Theorem lemma3p10
  (R : realType) (dsp : measure_display) (Omega : measurableType dsp)
  (P : probability Omega R)
  (n m : nat)
  (* deterministic data at iterate x_k *)
  (H : 'M[R]_n) (J : 'M[R]_(m, n)) (g : 'cV[R]_n) (c : 'cV[R]_m)
  (kappaH zeta kappag kappad M L Gamma sigma beta theta taumin ximin : R)
  (* deterministic search direction d_k (and multiplier y_k) *)
  (d : 'cV[R]_n) (y : 'cV[R]_m)
  (* stochastic quantities at iteration k *)
  (gbar : Omega -> 'cV[R]_n) (dbar : Omega -> 'cV[R]_n) (ybar : Omega -> 'cV[R]_m)
  (taubar xibar alphabar : Omega -> R) :
  (* standing assumptions on H_k, J_k *)
  H^T = H ->
  (forall u : 'cV[R]_n, norm2 (H *m u) <= kappaH * norm2 u) ->
  0 < zeta ->
  (forall u : 'cV[R]_n, J *m u = 0 -> zeta * norm2 u ^+ 2 <= dotv u (H *m u)) ->
  row_free J ->
  (* kappa_d bounds the (operator 2-)norm of the inverse of the KKT matrix *)
  kkt H J \in unitmx ->
  0 < kappad ->
  (forall z : 'cV[R]_(n + m), norm2 (invmx (kkt H J) *m z) <= kappad * norm2 z) ->
  (* kappa_g bounds ||g_k||_2 *)
  0 < kappag -> norm2 g <= kappag ->
  (* algorithm parameters *)
  0 < L -> 0 <= Gamma -> 0 < sigma < 1 -> 0 < beta <= 1 -> 0 <= theta ->
  (* deterministic and stochastic directions solve the SQP linear systems *)
  kkt H J *m col_mx d y = - col_mx g c ->
  (forall w, kkt H J *m col_mx (dbar w) (ybar w) = - col_mx (gbar w) c) ->
  (* event E_{tau,small}, at an iteration k >= kbar_{tau,xi} *)
  0 < taumin -> 0 < ximin ->
  (taumin%:E <= tau_trial sigma H c g d)%E ->
  (forall w, taubar w = taumin) ->
  (forall w, xibar w = ximin) ->
  (* stepsize lies in [alpha_min, alpha_max] *)
  measurable_fun setT alphabar ->
  (forall w, beta * xibar w * taubar w / (taubar w * L + Gamma) <= alphabar w) ->
  (forall w, alphabar w <= beta * xibar w * taubar w / (taubar w * L + Gamma)
                            + theta * beta ^+ 2) ->
  (* conditional moments of the stochastic gradient *)
  (forall i, measurable_fun setT (fun w => gbar w i 0)) ->
  (forall i, P.-integrable setT (fun w => (gbar w i 0)%:E)) ->
  (forall i, (\int[P]_w (gbar w i 0)%:E = (g i 0)%:E)%E) ->
  0 <= M ->
  (\int[P]_w ((norm2 (gbar w - g)) ^+ 2)%:E <= M%:E)%E ->
  (\int[P]_w (alphabar w * taubar w * dotv g (dbar w - d))%:E
     <= (beta ^+ 2 * theta * taumin * kappag * kappad * Num.sqrt M)%:E)%E.
Proof.
move=> _ _ _ _ _ K_unit kappad_gt0 K_bound kappag_gt0 g_le _ _ _ _ theta_ge0 sol solbar
  taumin_gt0 _ _ taubarE xibarE alpha_meas alpha_ge alpha_le gbar_meas gbar_int gbar_mean _
  gbar_moment.
pose a := - ((ulsubmx (invmx (kkt H J)))^T *m g).
pose h w := dotv a (gbar w - g).
have h_lin w : dotv g (dbar w - d) = h w := dotv_usub_sub_solution g K_unit (solbar w) sol.
have h_abs w : `|h w| <= kappag * kappad * norm2 (gbar w - g).
  rewrite -h_lin -mulrA; apply: le_trans (abs_dotv_le _ _) _.
  apply: ler_pM; rewrite ?norm2_ge0 //.
  exact: norm2_usub_sub_solution_le K_unit (solbar w) sol K_bound.
have h_int : P.-integrable setT (EFin \o h) := integrable_dotv_sub gbar_int a.
have h_meas : measurable_fun setT h.
  exact/measurable_realfun.measurable_EFinP/(measurable_int P h_int).
have h_abs_mean : (\int[P]_w `|h w|%:E <= (kappag * kappad * Num.sqrt M)%:E)%E :=
  integral_abs_le_sqrt_moment h _ M h_meas gbar_meas
    (mulr_ge0 (ltW kappag_gt0) (ltW kappad_gt0)) h_abs gbar_moment.
pose a0 := beta * ximin * taumin / (taumin * L + Gamma).
have alpha_range w :
    a0 * taumin <= alphabar w * taumin <= a0 * taumin + theta * beta ^+ 2 * taumin.
  have := alpha_ge w; have := alpha_le w; rewrite taubarE xibarE -/a0 => hi lo.
  by apply/andP; split; [|rewrite -mulrDl]; apply: ler_wpM2r => //; exact: ltW.
have alpha_tau_meas : measurable_fun setT (fun w => alphabar w * taumin).
  exact: measurable_realfun.measurable_funM.
under eq_integral do rewrite taubarE h_lin.
apply: le_trans (integral_mul_centered_le P _ _ _ _ alpha_tau_meas alpha_range h_int
  (integral_dotv_sub_mean gbar_int a gbar_mean)) _.
apply: le_trans (lee_wpmul2l _ h_abs_mean) _.
  by rewrite lee_fin (mulr_ge0 (mulr_ge0 theta_ge0 (sqr_ge0 beta)) (ltW taumin_gt0)).
by rewrite -EFinM lee_fin le_eqVlt; apply/orP; left; apply/eqP; ring.
Qed.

**Task**
Your answer should consist only of the lines above between the line holding "(* standing assumptions on H_k, J_k *)" and the line holding "0 < kappad ->", inclusive, each transcribed exactly.

**Result for this task**
  (* standing assumptions on H_k, J_k *)
  H^T = H ->
  (forall u : 'cV[R]_n, norm2 (H *m u) <= kappaH * norm2 u) ->
  0 < zeta ->
  (forall u : 'cV[R]_n, J *m u = 0 -> zeta * norm2 u ^+ 2 <= dotv u (H *m u)) ->
  row_free J ->
  (* kappa_d bounds the (operator 2-)norm of the inverse of the KKT matrix *)
  kkt H J \in unitmx ->
  0 < kappad ->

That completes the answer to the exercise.